(* Suppose $f(\cdot;0,1)$ satisfies Condition C3 and that for every $\mu\in\mathbb{R}$, $$\int_{\mathbb{R}}\{\log f(x;\mu,1)\}\,f(x;0,1)\,dx>-\infty.$$ Then for every $\Psi_0\in\boldsymbol{\Psi}_m$ and every $\sigma_0>0$, $\int_{\mathbb{R}}|\log g(x;\Psi_0,\sigma_0)|\,g(x;\Psi_0,\sigma_0)\,dx<\infty$ (i.e. Condition C2 holds).
   Context: Fix a positive integer $m$. Let $f(x;0,1)$ be a probability density on $\mathbb{R}$, $f(x;\mu,\sigma)=\sigma^{-1}f((x-\mu)/\sigma;0,1)$, $\boldsymbol{\Psi}_m=\{\sum_{j=1}^m\alpha_j I(\mu_j\le\mu):\alpha_j\ge0,\sum_j\alpha_j=1,\mu_j\in\mathbb{R}\}$, $g(x;\Psi,\sigma)=\sum_{j=1}^m\alpha_j f(x;\mu_j,\sigma)$. (C3) There exist $v_0,v_1>0$ and $\beta>1$ such that $f(x;0,1)\le\min\{v_0,v_1|x|^{-\beta}\}$ for all $x$. *)

From mathcomp Require Import all_boot all_order all_algebra.
From mathcomp Require Import all_classical all_reals all_analysis.
Set Implicit Arguments. Unset Strict Implicit. Unset Printing Implicit Defensive.
Import Order.TTheory GRing.Theory Num.Theory.
Local Open Scope ring_scope.
Local Open Scope ereal_scope.

Definition elog {R : realType} (x : R) : \bar R :=
  if (0 < x)%R then (ln x)%:E else -oo.

Definition fls {R : realType} (f : R -> R) (mu sigma : R) (x : R) : R :=
  (sigma^-1 * f ((x - mu) / sigma))%R.

(* finite mixture g(x; Psi, sigma) = sum_j alpha_j f(x; mu_j, sigma),
   the mixing distribution Psi = sum_j alpha_j I(mu_j <= .) being given by
   its weights alpha and support points mu *)
Definition gmix {R : realType} (m : nat) (f : R -> R)
  (alpha mu : 'I_m -> R) (sigma : R) (x : R) : R :=
  (\sum_(j < m) alpha j * fls f (mu j) sigma x)%R.

Definition in_Psi {R : realType} (m : nat) (alpha mu : 'I_m -> R) : Prop :=
  (forall j, 0 <= alpha j)%R /\ (\sum_(j < m) alpha j = 1)%R.

Definition is_density {R : realType} (f : R -> R) : Prop :=
  measurable_fun [set: R] f /\ (forall x, 0 <= f x)%R /\
  \int[lebesgue_measure]_x (f x)%:E = 1.

(* Condition (C3): f <= min(v0, v1 |x|^-beta); at x = 0 the second bound is +oo,
   so it is only imposed for x <> 0 (powR 0 (-beta) = 0 in mathcomp). *)
Definition C3 {R : realType} (f : R -> R) : Prop :=
  exists v0 v1 beta : R, (0 < v0)%R /\ (0 < v1)%R /\ (1 < beta)%R /\
    forall x, (f x <= v0)%R /\ (x != 0%R -> (f x <= v1 * powR `|x| (- beta))%R).

From mathcomp Require Import all_boot all_order all_algebra.
From mathcomp Require Import all_classical all_reals all_analysis.
From mathcomp Require Import measurable_realfun ring lra.
Set Implicit Arguments. Unset Strict Implicit. Unset Printing Implicit Defensive.
Import Order.TTheory GRing.Theory Num.Theory.
Local Open Scope ring_scope.

(* Only the bound f <= v0 of (C3) is needed.  Split |log g| = log^+ g + log^- g.
   Since g <= v0 / sigma0, the part g log^+ g is bounded by a multiple of g.
   For the other part, log^- is antitone and log^-(a b) <= log^- a + log^- b,
   so g log^- g <= sum_j alpha_j f_j (log^- alpha_j + log^- f_j) with
   f_j = f(.; mu_j, sigma0).  An affine change of variables reduces
   int f_j log^- f_j to int f log^- f plus a multiple of int f, and
   int f log^- f < oo is the negative part of int (log f) f > -oo (take mu = 0). *)

Section negative_part_of_ln.
Context {R : realType}.

Definition neg_ln (t : R) : R := Num.max 0 (- ln t).

Lemma neg_ln_ge0 t : 0 <= neg_ln t.
Proof. by rewrite le_max lexx. Qed.

Lemma oppr_ln_le_neg_ln t : - ln t <= neg_ln t.
Proof. by rewrite le_max lexx orbT. Qed.

Lemma measurable_neg_ln : measurable_fun [set: R] neg_ln.
Proof. by apply: measurable_maxr => //; apply: measurable_funN. Qed.

Lemma neg_lnV s : 0 < s -> neg_ln s^-1 = Num.max 0 (ln s).
Proof. by move=> s0; rewrite /neg_ln lnV ?posrE // opprK. Qed.

Lemma neg_lnM_le a b : 0 < a -> 0 < b -> neg_ln (a * b) <= neg_ln a + neg_ln b.
Proof.
move=> a0 b0; rewrite {1}/neg_ln ge_max addr_ge0 ?neg_ln_ge0 //= lnM ?posrE //.
by have := oppr_ln_le_neg_ln a; have := oppr_ln_le_neg_ln b; lra.
Qed.

Lemma le_neg_ln s t : 0 < s -> s <= t -> neg_ln t <= neg_ln s.
Proof.
move=> s0 st; rewrite {1}/neg_ln ge_max neg_ln_ge0 /=.
have : ln s <= ln t by rewrite ler_ln ?posrE // (lt_le_trans s0).
by have := oppr_ln_le_neg_ln s; lra.
Qed.

Lemma abs_ln_le V t : 0 < t -> t <= V -> `|ln t| <= Num.max 0 (ln V) + neg_ln t.
Proof.
move=> t0 tV; have : ln t <= ln V by rewrite ler_ln ?posrE // (lt_le_trans t0).
have : ln V <= Num.max 0 (ln V) by rewrite le_max lexx orbT.
have : 0 <= Num.max 0 (ln V) by rewrite le_max lexx.
have := neg_ln_ge0 t; have := oppr_ln_le_neg_ln t.
by rewrite ler_norml => *; apply/andP; split; lra.
Qed.

Lemma convex_comb_abs_ln_le m (alpha h : 'I_m -> R) V :
  (forall k, 0 <= alpha k) -> \sum_(k < m) alpha k = 1 ->
  (forall k, 0 <= h k) -> (forall k, h k <= V) ->
  `|ln (\sum_(k < m) alpha k * h k)| * (\sum_(k < m) alpha k * h k) <=
    \sum_(k < m) alpha k * (h k * (Num.max 0 (ln V) + neg_ln (alpha k) + neg_ln (h k))).
Proof.
move=> a0 a1 h0 hV; set G := \sum_(k < m) _; set c := Num.max 0 (ln V).
have c0 : 0 <= c by rewrite le_max lexx.
have G0 : 0 <= G by apply: sumr_ge0 => k _; apply: mulr_ge0.
have GV : G <= V.
  rewrite -[V]mul1r -a1 mulr_suml; apply: ler_sum => k _; exact: ler_wpM2l.
have rhs_ge0 k : 0 <= alpha k * (h k * (c + neg_ln (alpha k) + neg_ln (h k))).
  by rewrite !mulr_ge0 // !addr_ge0 // neg_ln_ge0.
have [->|Gne0] := eqVneq G 0; first by rewrite mulr0 sumr_ge0.
have Gp : 0 < G by rewrite lt_def Gne0 G0.
apply: (le_trans (ler_wpM2r G0 (abs_ln_le Gp GV))).
rewrite /G mulr_sumr; apply: ler_sum => k _.
rewrite [X in _ <= X]mulrA [X in _ <= X]mulrC -addrA.
have [->|ahne0] := eqVneq (alpha k * h k) 0; first by rewrite !mulr0.
have ap : 0 < alpha k by rewrite lt_def a0 andbT; apply: contraNneq ahne0 => ->; rewrite mul0r.
have hp : 0 < h k by rewrite lt_def h0 andbT; apply: contraNneq ahne0 => ->; rewrite mulr0.
rewrite ler_wpM2r ?mulr_ge0 // lerD2l.
apply: le_trans (neg_lnM_le ap hp); apply: le_neg_ln; first exact: mulr_gt0.
by rewrite /G (bigD1 k) //= lerDl sumr_ge0 // => j _; apply: mulr_ge0.
Qed.

Lemma scaled_neg_ln_le s t K : 0 < s -> 0 <= t ->
  s^-1 * t * (K + neg_ln (s^-1 * t)) <=
  s^-1 * (t * (K + Num.max 0 (ln s) + neg_ln t)).
Proof.
move=> s0 t0; have [->|tne0] := eqVneq t 0; first by rewrite !(mulr0, mul0r).
have tp : 0 < t by rewrite lt_def tne0 t0.
rewrite -mulrA ler_pM2l ?invr_gt0 // ler_pM2l // -addrA lerD2l -neg_lnV //.
by apply: neg_lnM_le; rewrite ?invr_gt0.
Qed.

End negative_part_of_ln.

Section lebesgue_affine_change.
Local Open Scope ereal_scope.
Context {R : realType}.

Lemma ge0_integral_affine (s c : R) (h : R -> \bar R) : (0 < s)%R ->
  measurable_fun [set: R] h -> (forall x, 0 <= h x) ->
  \int[lebesgue_measure]_x h ((x - c) / s)%R = s%:E * \int[lebesgue_measure]_x h x.
Proof.
move=> s0 mh h0.
pose phi : measurableTypeR R -> measurableTypeR R := fun x => ((x - c) / s)%R.
have mphi : measurable_fun setT phi.
  by apply: measurable_funM => //; apply: measurable_funD.
have si : (0 <= s^-1)%R by rewrite invr_ge0 ltW.
pose nu := mscale (NngNum si)
  (measure_function_pushforward__canonical__measure_function_Measure lebesgue_measure mphi).
(* nu is Lebesgue measure: phi maps ](s a + c), (s b + c)] onto ]a, b] *)
have nuE A : measurable A -> lebesgue_measure A = nu A.
  apply: lebesgue_measure_unique => _ [[a b] _ <-].
  rewrite /nu /= /mscale /= /pushforward.
  have -> : (phi @^-1` `]a, b])%classic = `](s * a + c)%R, (s * b + c)%R]%classic.
    apply/seteqP; split => x /=; rewrite !in_itv /= /phi.
      by rewrite ltr_pdivlMr // ler_pdivrMr // => /andP[? ?]; apply/andP; split; lra.
    by move=> /andP[? ?]; rewrite ltr_pdivlMr // ler_pdivrMr //; apply/andP; split; lra.
  rewrite !lebesgue_measure_itv /= !lte_fin.
  have [ab|ba] := ltP a b.
    rewrite ifT; last by rewrite ltrD2r ltr_pM2l.
    by rewrite -!EFinB -EFinM; congr (_%:E); field; lra.
  by rewrite ifF ?mule0 //; apply/negbTE; rewrite -leNgt lerD2r ler_pM2l.
rewrite [in RHS](eq_measure_integral nu); last by move=> A mA _; exact: nuE.
rewrite ge0_integral_mscale // ge0_integral_pushforward //=.
by rewrite muleA -EFinM mulfV ?gt_eqF // mul1e.
Qed.

End lebesgue_affine_change.

Section neg_ln_integrals.
Local Open Scope ereal_scope.
Context {R : realType}.
Variable f : R -> R.
Hypotheses (mf : measurable_fun [set: R] f) (f0 : forall x, (0 <= f x)%R).
Hypothesis int_f : \int[lebesgue_measure]_x (f x)%:E < +oo.

Lemma measurable_fls c s : measurable_fun [set: R] (fls f c s).
Proof.
apply: measurable_funM => //; apply: measurableT_comp => //.
by apply: measurable_funM => //; apply: measurable_funD.
Qed.

Lemma fls_ge0 c s x : (0 < s)%R -> (0 <= fls f c s x)%R.
Proof. by move=> s0; rewrite /fls mulr_ge0 // invr_ge0 ltW. Qed.

Lemma integral_neg_ln_lty :
  -oo < \int[lebesgue_measure]_x (elog (f x) * (f x)%:E) ->
  \int[lebesgue_measure]_x (f x * neg_ln (f x))%:E < +oo.
Proof.
move=> int_gtNy.
have neg_part x : (fun x => elog (f x) * (f x)%:E)^\- x = (f x * neg_ln (f x))%:E.
  rewrite funenegE /elog /neg_ln; have [fp|fle0] := ltP 0%R (f x); last first.
    have -> : f x = 0%R by apply: le_anti; rewrite fle0 f0.
    by rewrite mule0 oppe0 mul0r maxxx.
  by rewrite -EFinM -EFinN -EFin_max maxr_pMr ?ltW // mulr0 maxC mulrN mulrC.
rewrite ltNge leye_eq; apply/negP => /eqP int_negy.
move: int_gtNy; rewrite integralE.
by under [X in _ - X]eq_integral do rewrite neg_part; rewrite int_negy addeNy ltxx.
Qed.

Hypothesis int_f_neg_ln : \int[lebesgue_measure]_x (f x * neg_ln (f x))%:E < +oo.

Lemma integral_neg_ln_shift_lty (K : R) : (0 <= K)%R ->
  \int[lebesgue_measure]_x (f x * (K + neg_ln (f x)))%:E < +oo.
Proof.
move=> K0.
have mfE : measurable_fun [set: R] (fun x => (f x)%:E) by apply/measurable_EFinP.
have mfneg : measurable_fun [set: R] (fun x => (f x * neg_ln (f x))%:E).
  apply/measurable_EFinP; apply: measurable_funM => //.
  exact: measurableT_comp measurable_neg_ln _.
under eq_integral do rewrite mulrDr EFinD (mulrC _ K) EFinM.
rewrite ge0_integralD //; first 1 last.
- by move=> x _; rewrite -EFinM lee_fin mulr_ge0.
- by apply: emeasurable_funM => //; exact: measurable_cst.
- by move=> x _; rewrite lee_fin mulr_ge0 ?neg_ln_ge0.
rewrite ge0_integralZl ?lee_fin // => [|x _]; last by rewrite lee_fin.
by rewrite lte_add_pinfty // lte_mul_pinfty.
Qed.

Lemma integral_fls_neg_ln_lty c s (K : R) : (0 < s)%R -> (0 <= K)%R ->
  \int[lebesgue_measure]_x (fls f c s x * (K + neg_ln (fls f c s x)))%:E < +oo.
Proof.
move=> s0 K0; have si : (0 <= s^-1)%R by rewrite invr_ge0 ltW.
pose H y := (s^-1 * f y * (K + neg_ln (s^-1 * f y)))%R.
have mH : measurable_fun [set: R] (fun y => (H y)%:E).
  apply/measurable_EFinP; apply: measurable_funM; first exact: measurable_funM.
  apply: measurable_funD => //; apply: measurableT_comp measurable_neg_ln _.
  exact: measurable_funM.
have H0 y : 0 <= (H y)%:E by rewrite lee_fin !mulr_ge0 ?addr_ge0 ?neg_ln_ge0.
have -> : \int[lebesgue_measure]_x (fls f c s x * (K + neg_ln (fls f c s x)))%:E =
    s%:E * \int[lebesgue_measure]_y (H y)%:E by rewrite -(ge0_integral_affine c s0 mH H0).
rewrite lte_mul_pinfty ?lee_fin ?ltW //.
have K'0 : (0 <= K + Num.max 0 (ln s))%R by rewrite addr_ge0 // le_max lexx.
have mF : measurable_fun [set: R]
    (fun y => (f y * (K + Num.max 0 (ln s) + neg_ln (f y)))%:E).
  apply/measurable_EFinP; apply: measurable_funM => //.
  by apply: measurable_funD => //; apply: measurableT_comp measurable_neg_ln _.
apply: (@le_lt_trans _ _
  (\int[lebesgue_measure]_y ((s^-1)%:E * (f y * (K + Num.max 0 (ln s) + neg_ln (f y)))%:E))).
  apply: ge0_le_integral => //; first exact: emeasurable_funM.
  by move=> y _; rewrite -EFinM lee_fin; exact: scaled_neg_ln_le.
rewrite ge0_integralZl ?lee_fin //; last first.
  by move=> y _; rewrite lee_fin mulr_ge0 // addr_ge0 ?neg_ln_ge0.
by rewrite lte_mul_pinfty ?lee_fin // integral_neg_ln_shift_lty.
Qed.

Lemma gmix_ge0 m (alpha mu : 'I_m -> R) s x : (forall k, 0 <= alpha k)%R ->
  (0 < s)%R -> (0 <= gmix f alpha mu s x)%R.
Proof. by move=> a0 s0; apply: sumr_ge0 => k _; rewrite mulr_ge0 ?fls_ge0. Qed.

Lemma measurable_gmix m (alpha mu : 'I_m -> R) s :
  measurable_fun [set: R] (gmix f alpha mu s).
Proof.
by apply: measurable_sum => k; apply: measurable_funM => //; exact: measurable_fls.
Qed.

Variable v0 : R.
Hypothesis f_le : forall x, (f x <= v0)%R.

Lemma integral_gmix_abs_ln_lty m (alpha mu : 'I_m -> R) s :
  in_Psi alpha mu -> (0 < s)%R ->
  \int[lebesgue_measure]_x (`|ln (gmix f alpha mu s x)| * gmix f alpha mu s x)%:E < +oo.
Proof.
move=> [a0 a1] s0; pose c := Num.max 0%R (ln (s^-1 * v0)).
pose B k x := (fls f (mu k) s x * (c + neg_ln (alpha k) + neg_ln (fls f (mu k) s x)))%R.
have mB k : measurable_fun [set: R] (B k).
  apply: measurable_funM; first exact: measurable_fls.
  by apply: measurable_funD => //; apply: measurableT_comp measurable_neg_ln _;
    exact: measurable_fls.
have B0 k x : (0 <= B k x)%R.
  by rewrite mulr_ge0 ?fls_ge0 // !addr_ge0 ?neg_ln_ge0 // le_max lexx.
apply: (@le_lt_trans _ _ (\int[lebesgue_measure]_x (\sum_(k < m) alpha k * B k x)%:E)).
  apply: ge0_le_integral => //.
  - by move=> x _; rewrite lee_fin mulr_ge0 ?gmix_ge0.
  - apply/measurable_EFinP; apply: measurable_funM; last exact: measurable_gmix.
    by do 2 apply: measurableT_comp => //; exact: measurable_gmix.
  - by apply/measurable_EFinP; apply: measurable_sum => k; apply: measurable_funM => //; exact: mB.
  move=> x _; rewrite lee_fin; apply: convex_comb_abs_ln_le => // k.
    exact: fls_ge0.
  by rewrite /fls ler_pM2l ?invr_gt0 // f_le.
under eq_integral do rewrite -sumEFin.
rewrite ge0_integral_sum //; last first.
- by move=> k x _; rewrite lee_fin mulr_ge0.
- by move=> k; apply/measurable_EFinP; apply: measurable_funM => //; exact: mB.
apply: lte_sum_pinfty => k _; under eq_integral do rewrite EFinM.
rewrite ge0_integralZl ?lee_fin //; last 2 first.
- by apply/measurable_EFinP; exact: mB.
- by move=> x _; rewrite lee_fin.
rewrite lte_mul_pinfty ?lee_fin // integral_fls_neg_ln_lty //.
by rewrite addr_ge0 ?neg_ln_ge0 // le_max lexx.
Qed.

End neg_ln_integrals.

Lemma fls01 {R : realType} (f : R -> R) : fls f 0 1 = f.
Proof. by apply/funext => x; rewrite /fls subr0 divr1 invr1 mul1r. Qed.

Lemma abse_elogM {R : realType} (t : R) : (0 <= t)%R ->
  (`|elog t| * t%:E = (`|ln t| * t)%:E)%E.
Proof.
rewrite le_eqVlt => /predU1P[<-|t0]; first by rewrite !(mule0, mulr0).
by rewrite /elog t0 -EFinM.
Qed.

Local Open Scope ereal_scope.

Theorem proposition1 (R : realType) (m : nat) (f : R -> R) :
  (0 < m)%N ->
  is_density f ->
  C3 f ->
  (forall mu : R,
     -oo < \int[lebesgue_measure]_x (elog (fls f mu 1 x) * (f x)%:E)) ->
  forall (alpha mu : 'I_m -> R) (sigma0 : R),
    in_Psi alpha mu -> (0 < sigma0)%R ->
    \int[lebesgue_measure]_x
       (`| elog (gmix f alpha mu sigma0 x) | * (gmix f alpha mu sigma0 x)%:E)
      < +oo.
Proof.
move=> _ [mf [f0 int_f1]] [v0 [v1 [beta [_ [_ [_ C3f]]]]]] int_log alpha mu sigma0 Psi s0.
have int_f : \int[lebesgue_measure]_x (f x)%:E < +oo by rewrite int_f1 ltry.
have := int_log 0%R; rewrite fls01 => /(integral_neg_ln_lty f0) int_neg_ln.
have a0 : forall k, (0 <= alpha k)%R by case: Psi.
under eq_integral do rewrite abse_elogM ?gmix_ge0 //.
apply: integral_gmix_abs_ln_lty => // x; exact: (C3f x).1.
Qed.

+--

* WORK REQUEST:
Go through the data above from its first line and copy each line exactly, stopping once the line with "Context: Fix a" has been copied.

* SOLUTION TO THIS EXERCISE:
(* Suppose $f(\cdot;0,1)$ satisfies Condition C3 and that for every $\mu\in\mathbb{R}$, $$\int_{\mathbb{R}}\{\log f(x;\mu,1)\}\,f(x;0,1)\,dx>-\infty.$$ Then for every $\Psi_0\in\boldsymbol{\Psi}_m$ and every $\sigma_0>0$, $\int_{\mathbb{R}}|\log g(x;\Psi_0,\sigma_0)|\,g(x;\Psi_0,\sigma_0)\,dx<\infty$ (i.e. Condition C2 holds).
   Context: Fix a positive integer $m$. Let $f(x;0,1)$ be a probability density on $\mathbb{R}$, $f(x;\mu,\sigma)=\sigma^{-1}f((x-\mu)/\sigma;0,1)$, $\boldsymbol{\Psi}_m=\{\sum_{j=1}^m\alpha_j I(\mu_j\le\mu):\alpha_j\ge0,\sum_j\alpha_j=1,\mu_j\in\mathbb{R}\}$, $g(x;\Psi,\sigma)=\sum_{j=1}^m\alpha_j f(x;\mu_j,\sigma)$. (C3) There exist $v_0,v_1>0$ and $\beta>1$ such that $f(x;0,1)\le\min\{v_0,v_1|x|^{-\beta}\}$ for all $x$. *)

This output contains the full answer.